October 11, 2019
Comment letter on Docket No. CFPB-2019-0021 or RIN 3170-AA76
AKPIRG opposes the proposal of the Consumer Financial Protection Bureau (CFPB) to exempt thousands of lending institutions from reporting Home Mortgage Disclosure Act (HMDA) data. The Alaska Public Interest Research Group (AKPIRG) is Alaska’s only statewide consumer advocacy non-profit. AKPIRG works to ensure that consumers rights are protected and they are treated equally. Part of our work includes teaching individuals how to raise their credit score through managing debt in collections, as well as alternatives to predatory, high-cost loans. These two factors have a major impact on a person’s credit score and can make it difficult or impossible to become a homeowner. As a member of the National Community Reinvestment Coalition (NCRC), we support NCRC’s detailed analysis and comments on this matter.
Congress passed HMDA in 1975. Lenders, including small volume lenders, have been collecting and reporting data for decades. Currently, if a lending institution makes 25 or fewer mortgage loans, it is not required to report HMDA data. We oppose the CFPB proposal to raise the threshold.
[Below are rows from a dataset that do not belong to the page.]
Definition ga_delta (x : gT) : GA := [ffun y => (y == x)%:R].
Definition ga_one : GA := ga_delta 1%g.
Definition ga_mul (a b : GA) : GA :=
  [ffun x => \sum_(y : gT) a y * b (y^-1 * x)%g].
(* comultiplication Delta(g) = \sum_h gh (x) h^-1, extended linearly:
   the coefficient of x (x) y in Delta(a) is a (x * y). *)
Definition ga_comul (a : GA) : GA2 := [ffun p => a (p.1 * p.2)%g].
Definition ga_counit (a : GA) : K := a 1%g.

Definition ga_linear (f : GA -> GA) : Prop :=
  forall (c : K) (a b : GA),
    f [ffun x => c * a x + b x] = [ffun x => c * f a x + f b x].

(* f (x) h applied to an element of kG (x) kG (f, h linear) *)
Definition tensor_map (f h : GA -> GA) (T : GA2) : GA2 :=
  [ffun p => \sum_(q : gT * gT)
               T q * f (ga_delta q.1) p.1 * h (ga_delta q.2) p.2].

Definition mul_map (T : GA2) : GA :=
  [ffun x => \sum_(q : gT * gT)
               T q * ga_mul (ga_delta q.1) (ga_delta q.2) x].

Definition frobenius_morphism (f : GA -> GA) : Prop :=
  [/\ ga_linear f,
      f ga_one = ga_one,
      forall a b, f (ga_mul a b) = ga_mul (f a) (f b),
      forall a, ga_comul (f a) = tensor_map f f (ga_comul a)
    & forall a, ga_counit (f a) = ga_counit a].

Definition extended_structure (phi : GA -> GA) (theta : GA) : Prop :=
  [/\ frobenius_morphism phi,
      forall a, phi (phi a) = a,
      forall a, phi (ga_mul theta a) = ga_mul theta a
    & mul_map (tensor_map phi id (ga_comul ga_one)) = ga_mul theta theta].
Likewise, the CFPB’s invitation for comments on even higher thresholds does not make sense. Congress has already exempted lenders making less than 500 loans from reporting the more complex HMDA data requirement under Dodd Frank. They are required to report the data they have collected and submitted for decades!
The CFPB is also proposing to increase the threshold for reporting open-end lines of credit often called Home Equity Lines of Credit (HELOCs). Under the CFPB’s proposal to increase the threshold to 200 open-end lines of credit, far too many lenders and loans will escape the scrutiny of public review.
The mortgage data that comes out of HMDA has been as important a measure for the financial institutions themselves as it has been for advocates in ensuring non-discrimination in lending.